While helping to develop the resource manual for the rape crisis center she worked at, Ali called a number of mental health departments at colleges in the Boston area to investigate the range of services available for victims of sexual assault. She reports:

What I found was astonishing. There was a huge disparity among colleges in their awareness of what to do, and what services they would provide. I called approximately 15 colleges in the area to find out what their procedures were for someone seeking counseling after being assaulted. Some college officials in the health centers had no idea what their protocol was for the aftermath of sexual assault, or whether they even had one, and others only offered a very limited number of counseling sessions for victims. Many did not know if their counselors were even trained in evaluating or treating individuals who were assaulted.

She also found that there were far too few clinicians in college mental health services locally and nationally. Ali’s findings are supported by the data reported in the 2012 survey of the Association for University and College Counseling Center Directors. According to this report, the ratio of certified mental health workers per student are 1:664 students for small colleges, 1:1,864 for mid-size colleges and 1:2,731 for large universities. It is unclear how many have specific training in sexual assault and PTSD.

Ali reports that in her survey, there appeared to be almost no education for students or college personnel on how to manage situations involving sexual assault and harassment (including proper procedures for conducting an investigation, and means of helping those reporting an offense).

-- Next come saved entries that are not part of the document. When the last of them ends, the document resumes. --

(* Let $c_p\ge 1$ be an integer, let $k\ge 1$, and for each $1\le i\le k$ let $\gamma_i>0$ be a real constant, let $f_i(\alpha)$ be a pseudo-polynomial in $\alpha$, and let $g_i(n)$ be a pseudo-polynomial in $n$ in which every monomial $c\cdot n^{a}\ln^{b} n$ has $a\ge 0$ and $b\ge 0$. Put $$Q_L(\alpha,n):=\sum_{i=1}^{k}\gamma_i\cdot \exp\big(f_i(\alpha)+g_i(n)\big),$$ and consider the canonical constraint $$Q:\quad \exists \alpha_0\ \forall \alpha\ge \alpha_0\ \forall \text{ integers } n\ge c_p:\ Q_L(\alpha,n)\le 1 .$$ Run the procedure $\mathsf{Decide}$ (described in the context) on this input. Then: (1) (Completeness) If for arbitrarily large $\alpha$ there exists an integer $n\ge c_p$ with $Q_L(\alpha,n)>1$ (i.e. $Q$ does not hold), then $\mathsf{Decide}$ returns False. (2) (Soundness) For every $\varepsilon>0$: if there is $\alpha_0$ such that $Q_L(\alpha,n)\le 1-\varepsilon$ for all $\alpha\ge\alpha_0$ and all integers $n\ge c_p$, then $\mathsf{Decide}$ returns True.
   Context: A pseudo-polynomial in a variable $x$ is a finite sum $\sum_j c_j\, x^{a_j}\ln^{b_j}x$ with real coefficients $c_j$ and integer exponents $a_j,b_j$ (considered for sufficiently large real $x$); limits as $x\to\infty$ are taken in $\mathbb{R}\cup\{\pm\infty\}$, with $\exp(-\infty)=0$. The procedure uses an oracle $\mathsf{NegativeLB}(P)$ that, given a pseudo-polynomial $P(n)$ for which such an integer exists, returns an integer $T^*$ such that $P(n)\le 0$ for every real $n\ge T^*$. Procedure $\mathsf{Decide}$: Step 1: set $T:=c_p$. For $i=1,\dots,k$: compute $M_i=\lim_{n\to\infty} g_i(n)$; if $M_i=+\infty$ return False; otherwise let $g_i'$ be the derivative of $g_i$ and set $T:=\max\{T,\mathsf{NegativeLB}(g_i')\}$. Step 2: for each integer $\bar n$ with $c_p\le \bar n\le T$: set $R:=0$; for $i=1,\dots,k$: compute $\Delta=\lim_{\alpha\to\infty}\big(f_i(\alpha)+g_i(\bar n)\big)$; if $\Delta=+\infty$ return False; otherwise set $R:=R+\gamma_i\exp(\Delta)$, and if $R\ge 1$ return False. Step 3: return True. *)

From Stdlib Require Import Reals Lra ZArith List.
From Coquelicot Require Import Coquelicot.
Import ListNotations.
Open Scope R_scope.

(* A pseudo-polynomial sum_j c_j x^{a_j} ln^{b_j} x, as a list of (c_j, a_j, b_j). *)
Definition pp := list (R * Z * Z).

Definition pp_eval (P : pp) (x : R) : R :=
  fold_right (fun '(c, a, b) acc => c * powerRZ x a * powerRZ (ln x) b + acc) 0 P.

(* symbolic derivative: (c x^a ln^b x)' = c a x^(a-1) ln^b x + c b x^(a-1) ln^(b-1) x *)
Definition pp_deriv (P : pp) : pp :=
  flat_map (fun '(c, a, b) =>
    [(c * IZR a, (a - 1)%Z, b); (c * IZR b, (a - 1)%Z, (b - 1)%Z)]) P.

Definition lim_infty (h : R -> R) : Rbar := Lim h p_infty.

(* exp on R ∪ {-oo} with exp(-oo) = 0 (never applied to +oo by Decide) *)
Definition rbar_exp (d : Rbar) : R :=
  match d with Finite r => exp r | _ => 0 end.

Definition NegativeLB_spec (O : pp -> Z) : Prop :=
  forall P : pp,
    (exists T : Z, forall n : R, IZR T <= n -> pp_eval P n <= 0) ->
    forall n : R, IZR (O P) <= n -> pp_eval P n <= 0.

(* Input: list of (gamma_i, f_i, g_i), i = 1..k *)
Definition input := list (R * pp * pp).

(* Step 1: returns None for "return False", Some T otherwise *)
Fixpoint decide_step1 (O : pp -> Z) (data : input) (T : Z) : option Z :=
  match data with
  | nil => Some T
  | (_, _, g) :: rest =>
      match lim_infty (pp_eval g) with
      | p_infty => None
      | _ => decide_step1 O rest (Z.max T (O (pp_deriv g)))
      end
  end.

Fixpoint decide_step2 (data : input) (nbar : R) (Racc : R) : bool :=
  match data with
  | nil => true
  | (gam, f, g) :: rest =>
      match lim_infty (fun alpha => pp_eval f alpha + pp_eval g nbar) with
      | p_infty => false
      | d =>
          let R' := Racc + gam * rbar_exp d in
          if Rle_dec 1 R' then false else decide_step2 rest nbar R'
      end
  end.
Lemma path_avoiding_endpoint a b z u s : (z == a) || (z == b) ->
  path adj u s -> all (fun v => v != z) (u :: s) -> path (adj_avoiding a b) u s.
Proof.
move=> zab; elim: s u => [|v s IH] u //= /andP[uv ps] /and3P[uz vz As].
apply/andP; split; last by apply: IH => //=; rewrite vz.
rewrite /adj_avoiding uv /=.
by case/orP: zab => /eqP E; subst z; rewrite (negbTE uz) (negbTE vz) ?andbF.
Qed.

Definition walk (W : {set T}) (a : T) (w : seq T) :=
  path adj a w && all (fun x => x \in W) (a :: w).

Lemma walk_cat W a w1 w2 : walk W a w1 -> walk W (last a w1) w2 ->
  walk W a (w1 ++ w2).
Proof.
rewrite /walk cat_path => /andP[-> A1] /andP[-> A2] /=.
by move: A1 A2; rewrite /= all_cat => /andP[-> ->] /andP[_ ->].
Qed.

Lemma walk_rev W a w : walk W a w -> walk W (last a w) (rev (belast a w)).
Proof.
case/andP=> pw aw; rewrite /walk -rev_rcons -lastI all_rev aw andbT.
by rewrite rev_path (sub_path _ pw) // => u v; rewrite /= sadj_sym.
Qed.

Lemma walk_sub (W W' : {set T}) a w : W \subset W' -> walk W a w -> walk W' a w.
Proof.
by move=> /subsetP sW /andP[pw /allP aw]; rewrite /walk pw; apply/allP => v /aw /sW.
Qed.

Moreover, she found that the clinical care of victims through free visits or those covered by insurance was highly variable, but overall totally inadequate for the assessment and treatment of a struggling student.

Many who have shared their stories on Surviving in Numbers chose not to report an offense or receive help through counseling.

1 In 5

“It’s important to remember that 1 in 5 female students have experienced sexual assault on our college campuses, and over 80 percent of victims develop PTSD," Ali said, citing a U.S. Department of Justice report. "Despite increased awareness of sexual assault right now, victims are still stigmatized in our culture, and worry about feeling blamed. Many simply do not know how to navigate the complicated mental health or legal system. There are many other reasons why people may not report being assaulted, but these are the most common."

Ali says she is doing well, and remains deeply committed to helping the many victims of sexual assault, particularly young people who are assaulted before or during college. However, it remains to be seen how colleges will take definitive action to protect and defend our vulnerable youth.

Dr. Gene Beresin is executive director of The MGH Clay Center for Young Healthy Minds and professor of psychiatry at Harvard Medical School.